Il va même plus loin en affirmant que, par le passé, le citoyen ne disposait que d’une variété limitée de sources d’information. Quelques médias de masse qui véhiculaient une analyse X ou Y d’un évènement. Nous avons désormais A, B, C, D, etc.

Eli vs Dick. Je mise sur Dick.

Les débats Romney / Obama sont des exemples parfaits de ce qu’avance Dick Costolo, selon l’auteur de l’article. De nombreux américains les regardent avec un laptop, une tablette ou un smartphone à portée de main. En un instant, les comptes auxquels ils sont abonnés décryptent, plus ou moins objectivement les échanges des deux candidats. Les citoyens américains utilisant Twitter sont donc confrontés à autant de points de vue qu’ils ont d’abonnements.

Même exemple en France avec la campagne électorale en Mai dernier : Nos flux sociaux saturaient de messages partisans dans un sens ou dans un autre (parfois dans les deux en fonction du vent). Grandes soirées électorales, débats et meetings générant des milliers de tweets et scindant en deux la twittosphère.  Il en va de même pour nos fils d’actualité sur Google+ et Facebook.

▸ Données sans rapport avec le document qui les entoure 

Lemma phibar_minus_phi n phi j t : (2 <= n)%nat -> (1 <= j <= n)%nat ->
  phibar n phi j t - phi j t = gap_diff n phi (j - 1) t / 2.
Proof.
  intros Hn Hj. unfold gap_diff, phibar.
  destruct (Nat.eq_dec j n) as [->|Hjn].
  - replace (S (n - 1)) with (0 + n)%nat by lia. rewrite (gap_periodic n phi t 0%nat).
    rewrite !gap_small by lia. replace (S (n - 1)) with n by lia.
    rewrite (proj2 (Nat.eqb_neq n 1)) by lia. rewrite Nat.eqb_refl, delta_1.
    destruct n as [|[|m]]; [lia|lia|]. rewrite delta_S by lia.
    replace (S (S m) - 1)%nat with (S m) by lia. field.
  - replace (S (j - 1)) with j by lia. rewrite !gap_small by lia. replace (S (j - 1)) with j by lia.
    rewrite (proj2 (Nat.eqb_neq j n)) by lia.
    destruct (Nat.eq_dec j 1) as [->|Hj1].
    + simpl Nat.eqb. cbv iota. rewrite delta_1, delta_S by lia. field.
    + rewrite (proj2 (Nat.eqb_neq j 1)) by lia. destruct j as [|j']; [lia|].
      rewrite !delta_S by lia.
      replace (S j' + 1)%nat with (S (S j')) by lia. replace (S j' - 1)%nat with j' by lia. field.
Qed.

Lemma delta_min_le n phi t j : (1 <= j <= n)%nat -> delta_min n phi t <= delta n phi j t.
Proof.
  intros Hj. unfold delta_min.
  assert (H : forall a l x, In x l -> fold_right Rmin a l <= x).
  { induction l as [|y l IH]; simpl; [tauto|]. intros x [->|Hx]; [apply Rmin_l|].
    eapply Rle_trans; [apply Rmin_r|auto]. }
  apply H, (in_map (fun k => delta n phi k t)), in_seq. lia.
Qed.

Lemma delta_min_ge n phi t L : (1 <= n)%nat ->
  (forall j, (1 <= j <= n)%nat -> L <= delta n phi j t) -> L <= delta_min n phi t.
Proof.
  intros Hn H. unfold delta_min.
  assert (Hl : forall x, In x (map (fun k => delta n phi k t) (seq 1 n)) -> L <= x).
  { intros x Hx. apply in_map_iff in Hx. destruct Hx as [j [<- Hj]]. apply in_seq in Hj. apply H. lia. }
  assert (Ha : L <= delta n phi 1 t) by (apply H; lia).
  induction (map (fun k => delta n phi k t) (seq 1 n)) as [|y l IH]; simpl in *; auto.
  apply Rmin_glb; auto.
Qed.

Lemma delta_min_le_mean n phi t : (1 <= n)%nat -> delta_min n phi t <= 2 * PI / INR n.
Proof.
  intros Hn. assert (Hnpos : 0 < INR n) by (apply lt_0_INR; lia).
  assert (INR n * delta_min n phi t <= 2 * PI).
  { rewrite <- (gaps_sum n phi t Hn), <- rsum_const. apply rsum_le. intros k Hk.
    rewrite gap_small by auto. apply delta_min_le. lia. }
  apply Rmult_le_reg_l with (INR n); [lra|].
  replace (INR n * (2 * PI / INR n)) with (2 * PI) by (field; lra). lra.
Qed.

Lemma Rabs_le_inv x a : Rabs x <= a -> - a <= x <= a.
Proof. unfold Rabs. destruct (Rcase_abs x); intros; lra. Qed.

Lemma sin_PI_div_pos n : (2 <= n)%nat -> 0 < sin (PI / INR n).
Proof.
  intros Hn. assert (Hn2 : 2 <= INR n) by (replace 2 with (INR 2) by (simpl; ring); apply le_INR; lia).
  pose proof PI_RGT_0. apply sin_gt_0; [apply Rdiv_lt_0_compat; lra|].
  apply Rmult_lt_reg_r with (INR n); [lra|].
  unfold Rdiv. rewrite Rmult_assoc, Rinv_l by lra. nra.
Qed.

Section PhaseDynamics.
Variables (n : nat) (phi : nat -> R -> R) (omega kphi t0 : R).
Hypothesis n_ge2 : (2 <= n)%nat.
Hypothesis kphi_pos : 0 < kphi.
Hypothesis phi_deriv : forall i, (1 <= i <= n)%nat -> forall t, t0 < t ->
  derivable_pt_lim (phi i) t (omega + kphi * (phibar n phi i t - phi i t)).
Hypothesis phi_rc : forall i, (1 <= i <= n)%nat -> right_cont_at (phi i) t0.
Lemma central_inv z : central z -> central (inv z).
Proof.
  intros Hz g; apply (mul_cancel_l z).
  rewrite mulA, mulVr, mul1l, mulA, Hz, mulKV; reflexivity.
Qed.

Lemma central_zpow z a : central z -> central (zpow z a).
Proof.
  intro Hz; induction a using Z.peano_ind; intro g.
  - rewrite zpow0, mul1l, mul1r; reflexivity.
  - rewrite <- Z.add_1_r, zpow_succ, <- mulA, Hz, mulA, IHa, <- mulA; reflexivity.
  - rewrite <- Z.sub_1_r, zpow_pred, <- mulA, (central_inv z Hz), mulA, IHa, <- mulA.
    reflexivity.
Qed.

Lemma central_swap a z b : central z -> a ⋅ z ⋅ b = a ⋅ b ⋅ z.
Proof. intro Hz; rewrite <- mulA, Hz, mulA; reflexivity. Qed.

Lemma zpow_mul_central x z a : central z -> zpow (x ⋅ z) a = zpow x a ⋅ zpow z a.
Proof.
  intro Hz; induction a using Z.peano_ind.
  - rewrite !zpow0, mul1l; reflexivity.
  - rewrite <- Z.add_1_r, !zpow_succ, IHa, !mulA.
    rewrite (central_swap (zpow x a) (zpow z a) x (central_zpow z a Hz)).
    reflexivity.
  - rewrite <- Z.sub_1_r, !zpow_pred, IHa, inv_mul, (central_inv z Hz (inv x)), !mulA.
    rewrite (central_swap (zpow x a) (zpow z a) (inv x) (central_zpow z a Hz)).
    reflexivity.
Qed.

Definition conj (g u : T) : T := inv g ⋅ u ⋅ g.

Lemma conj1 u : conj one u = u.
Proof. unfold conj; rewrite inv_one, mul1l, mul1r; reflexivity. Qed.
Lemma conjM g h u : conj (g ⋅ h) u = conj h (conj g u).
Proof. unfold conj; rewrite inv_mul, !mulA; reflexivity. Qed.
Lemma conjVK g u : conj (inv g) (conj g u) = u.
Proof. rewrite <- conjM, mulVr, conj1; reflexivity. Qed.
Lemma conj_mul g u v : conj g (u ⋅ v) = conj g u ⋅ conj g v.
Proof. unfold conj; rewrite !mulA, mulKV; reflexivity. Qed.
Lemma conj_inv g u : conj g (inv u) = inv (conj g u).
Proof. unfold conj; rewrite !inv_mul, invK, !mulA; reflexivity. Qed.
Lemma conj_central g z : central z -> conj g z = z.
Proof. intro Hz; unfold conj; rewrite <- Hz, mulVK; reflexivity. Qed.

Lemma conj_zpow g u a : conj g (zpow u a) = zpow (conj g u) a.
Proof.
  induction a using Z.peano_ind.
  - rewrite !zpow0; apply conj_central; intro h; rewrite mul1l, mul1r; reflexivity.
  - rewrite <- Z.add_1_r, !zpow_succ, conj_mul, IHa; reflexivity.
  - rewrite <- Z.sub_1_r, !zpow_pred, conj_mul, conj_inv, IHa; reflexivity.
Qed.

Lemma conj_zpow_shift g u d b :
  central d -> conj g u = u ⋅ d -> conj (zpow g b) u = u ⋅ zpow d b.
Proof.
  intros Hd Eg; induction b using Z.peano_ind.
  - rewrite !zpow0, conj1, mul1r; reflexivity.
  - rewrite <- Z.add_1_r, !zpow_succ, conjM, IHb, conj_mul, Eg,
      (conj_central g _ (central_zpow d b Hd)), <- mulA, (Hd (zpow d b)).
    reflexivity.
  - assert (EV : conj (inv g) u = u ⋅ inv d).
    { rewrite <- (conjVK g u) at 2; rewrite Eg, conj_mul, (conj_central _ d Hd), mulKV.
      reflexivity. }
    rewrite <- Z.sub_1_r, !zpow_pred, conjM, IHb, conj_mul, EV,
      (conj_central _ _ (central_zpow d b Hd)), <- mulA,
      (central_inv d Hd (zpow d b)).
    reflexivity.
Qed.

Section CentralCommutator.
Variables x y : T.
Local Notation c := [~ x, y].
Hypothesis Hc : central c.

Lemma conj_y_x : conj y x = x ⋅ c.
Proof. unfold conj, comm; rewrite !mulA, mulVr, mul1l; reflexivity. Qed.

Lemma zpow_x_y_swap a b : zpow x a ⋅ zpow y b = zpow y b ⋅ zpow x a ⋅ zpow c (b * a).
Proof.
  assert (E : conj (zpow y b) (zpow x a) = zpow x a ⋅ zpow c (b * a)).
  { rewrite conj_zpow, (conj_zpow_shift y x c b Hc conj_y_x),
      zpow_mul_central, <- zpowM by (apply central_zpow, Hc).
    reflexivity. }
  unfold conj in E; rewrite <- mulA, <- E, !mulA, mulVr, mul1l; reflexivity.
Qed.

Definition word (a b k : Z) : T := zpow x a ⋅ zpow y b ⋅ zpow c k.

Lemma zpow_y_x_swap a b : zpow y b ⋅ zpow x a = zpow x a ⋅ zpow y b ⋅ zpow c (- (b * a)).
Proof.
  rewrite zpow_x_y_swap, <- mulA, <- zpowD, Z.add_opp_diag_r, zpow0, mul1r.
  reflexivity.
Qed.

Lemma word_mul a b k a' b' k' :
  word a b k ⋅ word a' b' k' = word (a + a') (b + b') (k + k' - b * a').
Proof.
  unfold word; rewrite !mulA.
  rewrite (central_swap _ (zpow c k) (zpow x a') (central_zpow c k Hc)),
    (central_swap _ (zpow c k) (zpow y b') (central_zpow c k Hc)).
  rewrite <- (mulA (zpow x a)), zpow_y_x_swap, !mulA, <- (zpowD x).
  rewrite (central_swap _ (zpow c _) (zpow y b') (central_zpow c _ Hc)),
    <- (mulA _ (zpow y b)), <- (zpowD y).
  rewrite <- !mulA, <- !zpowD.
  do 3 f_equal; lia.
Qed.

Lemma word0 : word 0 0 0 = one.
Proof. unfold word; rewrite !zpow0, !mul1l; reflexivity. Qed.
Lemma word_x a : word a 0 0 = zpow x a.
Proof. unfold word; rewrite !zpow0, !mul1r; reflexivity. Qed.
Lemma word_y b : word 0 b 0 = zpow y b.
Proof. unfold word; rewrite !zpow0, mul1l, mul1r; reflexivity. Qed.
Lemma word_c k : word 0 0 k = zpow c k.
Proof. unfold word; rewrite !zpow0, !mul1l; reflexivity. Qed.

Lemma word_inv a b k : inv (word a b k) = word (- a) (- b) (- k - a * b).
Proof. symmetry; apply inv_unique; rewrite word_mul, <- word0; f_equal; lia. Qed.

Lemma word_eq a b k k' : word a b k = word a b k' <-> zpow c (k - k') = one.
Proof.
  unfold word; split; intro E.
  - apply zpow_sub_eq_one; exact (mul_cancel_l _ _ _ E).
  - replace k with (k' + (k - k')) by lia; rewrite zpowD, E, mul1r; reflexivity.
Qed.

Lemma word_commute a b k a' b' k' :
  word a b k ⋅ word a' b' k' = word a' b' k' ⋅ word a b k <->
  zpow c (a * b' - a' * b) = one.
Proof.
  rewrite !word_mul, (Z.add_comm a'), (Z.add_comm b'), word_eq.
  replace (k + k' - b * a' - (k' + k - b' * a)) with (a * b' - a' * b) by ring.
  reflexivity.
Qed.

Lemma word_central a b k : central (word a b k) -> zpow c a = one /\ zpow c b = one.
Proof.
  intro Hw; split.
  - assert (E := proj1 (word_commute a b k 0 1 0) (Hw _)).
    replace (a * 1 - 0 * b) with a in E by ring; exact E.
  - assert (E := proj1 (word_commute 1 0 0 a b k) (eq_sym (Hw _))).
    replace (1 * b - a * 0) with b in E by ring; exact E.
Qed.

Lemma word_y_pow b k t : zpow (word 0 b k) t = word 0 (b * t) (k * t).
Proof.
  unfold word; rewrite !zpow0, !mul1l, zpow_mul_central, <- !zpowM
    by (apply central_zpow, Hc).
  reflexivity.
Qed.

Lemma word_x_pow a k t : zpow (word a 0 k) t = word (a * t) 0 (k * t).
Proof.
  unfold word; rewrite !zpow0, !mul1r, zpow_mul_central, <- !zpowM
    by (apply central_zpow, Hc).
  reflexivity.
Qed.

(* Modulo <c>: x^(pq) = y^(sq) = x^(rs) and y^(pq) = x^(rp) = y^(sr). *)
Lemma zpow_det_in_comm p q r s k1 k2 :
  zpow x p = word 0 s k1 -> zpow y q = word r 0 k2 ->
  (exists K, zpow x (p * q - r * s) = zpow c K) /\
  (exists K, zpow y (p * q - r * s) = zpow c K).
Proof.
  intros Ex Ey; split.
  - exists (k2 * s + k1 * q); rewrite <- word_x, <- word_c.
    assert (Epq : word (p * q) 0 0 = word (r * s) 0 (k2 * s + k1 * q)).
    { rewrite word_x, zpowM, Ex, word_y_pow.
      transitivity (word 0 (q * s) 0 ⋅ word 0 0 (k1 * q)).
      - rewrite word_mul; f_equal; lia.
      - rewrite word_y, zpowM, Ey, word_x_pow, word_mul; f_equal; lia. }
    transitivity (word (- (r * s)) 0 0 ⋅ word (p * q) 0 0).
    + rewrite word_mul; f_equal; lia.
    + rewrite Epq, word_mul; f_equal; lia.
  - exists (k1 * r + k2 * p); rewrite <- word_y, <- word_c.
    assert (Eqp : word 0 (p * q) 0 = word 0 (r * s) (k1 * r + k2 * p)).
    { rewrite word_y, Z.mul_comm, zpowM, Ey, word_x_pow.
      transitivity (word (p * r) 0 0 ⋅ word 0 0 (k2 * p)).
      - rewrite word_mul; f_equal; lia.
      - rewrite word_x, zpowM, Ex, word_y_pow, word_mul; f_equal; lia. }
    transitivity (word 0 (- (r * s)) 0 ⋅ word 0 (p * q) 0).
    + rewrite word_mul; f_equal; lia.
    + rewrite Eqp, word_mul; f_equal; lia.
Qed.

Definition words (N M L : Z) : T -> Prop :=
  fun g => exists a b k, g = word (N * a) (M * b) (L * k).

Lemma words_subgroup N M L t : N * M = L * t -> is_subgroup mul one inv (words N M L).
Proof.
  intro Ht; split; [|split].
  - exists 0, 0, 0; rewrite !Z.mul_0_r, word0; reflexivity.
  - intros g h [a [b [k ->]]] [a' [b' [k' ->]]].
    exists (a + a'), (b + b'), (k + k' - t * b * a').
    rewrite word_mul; f_equal; [lia|lia|].
    transitivity (L * k + L * k' - (N * M) * b * a'); [ring|rewrite Ht; ring].
  - intros g [a [b [k ->]]]; exists (- a), (- b), (- k - t * a * b).
    rewrite word_inv; f_equal; [lia|lia|].
    transitivity (- (L * k) - (N * M) * a * b); [ring|rewrite Ht; ring].
Qed.

Lemma words_nonabelian N M L : zpow c (N * M) <> one -> ~ abelian_set mul (words N M L).
Proof.
  intros Hne Hab; apply Hne.
  assert (E : word N 0 0 ⋅ word 0 M 0 = word 0 M 0 ⋅ word N 0 0).
  { apply Hab; [exists 1, 0, 0|exists 0, 1, 0]; f_equal; lia. }
  apply word_commute in E; replace (N * M - 0 * 0) with (N * M) in E by ring; exact E.
Qed.

Lemma zpow_x_centralizes_words N M L o :
  zpow c o = one -> centralizer mul (words N M L) (zpow x o).
Proof.
  intros Ho h [a [b [k ->]]]; rewrite <- word_x; apply word_commute.
  replace (o * (M * b) - N * a * 0) with (o * (M * b)) by ring.
  apply zpow_multiple_one, Ho.
Qed.

Lemma zpow_y_centralizes_words N M L o :
  zpow c o = one -> centralizer mul (words N M L) (zpow y o).
Proof.
  intros Ho h [a [b [k ->]]]; rewrite <- word_y; apply word_commute.
  replace (0 * (M * b) - N * a * o) with (o * - (N * a)) by ring.
  apply zpow_multiple_one, Ho.
Qed.

Lemma words_finite m o :
  0 < m -> 0 < o -> zpow x m = one -> zpow y m = one -> zpow c o = one ->
  finite_on (words 1 1 1).
Proof.
  intros Hm Ho Ex Ey Ec.
  exists (flat_map (fun a => flat_map (fun b => map (word a b) (zrange o))
                                      (zrange m)) (zrange m)).
  intros g [a [b [k ->]]]; rewrite !Z.mul_1_l.
  assert (E : word a b k = word (a mod m) (b mod m) (k mod o)).
  { unfold word; rewrite <- (zpow_mod x m a), <- (zpow_mod y m b), <- (zpow_mod c o k);
      auto. }
  rewrite E; apply in_flat_map; exists (a mod m); split; [apply in_zrange_mod, Hm|].
  apply in_flat_map; exists (b mod m); split; [apply in_zrange_mod, Hm|].
  apply in_map, in_zrange_mod, Ho.
Qed.

Hypothesis Hself : forall H : T -> Prop, is_subgroup mul one inv H ->
  ~ abelian_set mul H -> forall g, centralizer mul H g -> H g.
Hypothesis Hc1 : c <> one.

(* If c^4 <> 1, c centralizes the non-abelian <x^2, y^2, c^4>, so c = x^(2a) y^(2b) c^(4k),
   and centrality of this word gives c^(2a) = c^(2b) = 1. *)
Lemma comm_torsion : exists n, n <> 0 /\ zpow c n = one.
Proof.
  destruct (classic (zpow c 4 = one)) as [H4|H4]; [exists 4; split; [lia|exact H4]|].
  assert (Hin : words 2 2 4 c).
  { apply Hself; [apply (words_subgroup 2 2 4 1); reflexivity|
                  apply words_nonabelian, H4|].
    intros h _; apply Hc. }
  destruct Hin as [a [b [k Hk]]].
  assert (Hw : central (word (2 * a) (2 * b) (4 * k))) by (rewrite <- Hk; exact Hc).
  destruct (word_central _ _ _ Hw) as [Ha Hb].
  destruct (Z.eq_dec a 0) as [->|Ha0]; [|exists (2 * a); split; [lia|exact Ha]].
  destruct (Z.eq_dec b 0) as [->|Hb0]; [|exists (2 * b); split; [lia|exact Hb]].
  exists (1 - 4 * k); split; [lia|].
  apply zpow_sub_eq_one; rewrite zpow1, <- word_c; exact Hk.
Qed.

Lemma comm_order : exists o, 2 <= o /\ zpow c o = one.
Proof.
  destruct comm_torsion as [n [Hn0 Hn]].
  exists (Z.abs n); split; [|apply zpow_abs_one, Hn].
  enough (Z.abs n <> 1) by lia.
  intro H1; apply Hc1; rewrite <- (zpow1 c), <- H1; apply zpow_abs_one, Hn.
Qed.
(* convergence of [f_n] to [g] in rat_d = Rat_d / PSL_2(C) with the
   quotient topology: open sets of rat_d = images of saturated open sets *)
Definition rat_cvg (d : nat) (fs : nat -> Chat -> Chat) (g : Chat -> Chat) : Prop :=
  forall U, rat_open d U -> saturated U -> U g ->
    exists N, forall n, (N <= n)%N -> U (fs n).

End Sphere.

(* Trees of spheres.  All trees live in a common finite type U of vertices  *)
(* (so that the inclusions IV^X <= IV^Y etc. make sense); every internal    *)
(* sphere S_v is modelled as the projective sphere Chat itself, and the     *)
(* attaching map i_v : E_v -> S_v is  w |-> tatt v w  for the edge {v,w}.   *)
Record tos (U : finType) (R : realType) := Tos {
  tV : {set U};
  tE : rel U;
  tM : {set U};
  tatt : U -> U -> Chat R
}.

Section Trees.
Variables (U : finType) (R : realType).
Implicit Types (T : tos U R).

Definition valence T v : nat := #|[set w | tE T v w]|.

Definition restr T (S : {set U}) : rel U :=
  [rel x y | [&& tE T x y, x \in S & y \in S]].

Definition is_tree T : Prop :=
  [/\ symmetric (tE T), irreflexive (tE T),
      (forall x y, tE T x y -> (x \in tV T) && (y \in tV T)),
      (forall x y, x \in tV T -> y \in tV T -> connect (tE T) x y) &
      (forall s : seq U, uniq s -> (3 <= size s)%N -> ~~ cycle (tE T) s)].

Definition internal T v : bool := (v \in tV T) && (v \notin tM T).

Definition is_tos T : Prop :=
  [/\ is_tree T,
      tM T = [set v in tV T | valence T v == 1%N],
      (3 <= #|tM T|)%N,
      (forall v, internal T v -> (3 <= valence T v)%N) &
      (forall v w w', internal T v -> tE T v w -> tE T v w' ->
          tatt T v w = tatt T v w' -> w = w')].

Definition in_branch T v w x : bool :=
  tE T v w && connect (restr T (tV T :\ v)) w x.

Bien entendu, on pourrait avancer que le problème reste le même si nos contacts étaient tous issus du même moule de pensée. Je pense toutefois qu’entre nos collègues, nos cousins, nos amis, les comptes parodiques, les haters en tout genre, notre base d’abonnements n’est pas un monolithe idéologique.

D’autre part, force est de constater que nos amis et followings ont le don d’aller dénicher des sources d’information et des sujets très peu traités par les médias traditionnels. Des sujets dont nous n’aurions pas eu connaissance sans leur aide. Sur Twitter, la prime à l’originalité va à celui qui identifie un nouveau média et qui s’intéresse aux sujets que les masses ignorent délibérément ou non.

Si ce fameux prisme à travers lequel nous observons le monde se poli, je ne pense pas qu’il faille blâmer Internet. Pas en l’état actuel des choses du moins (et à mon humble avis bien entendu).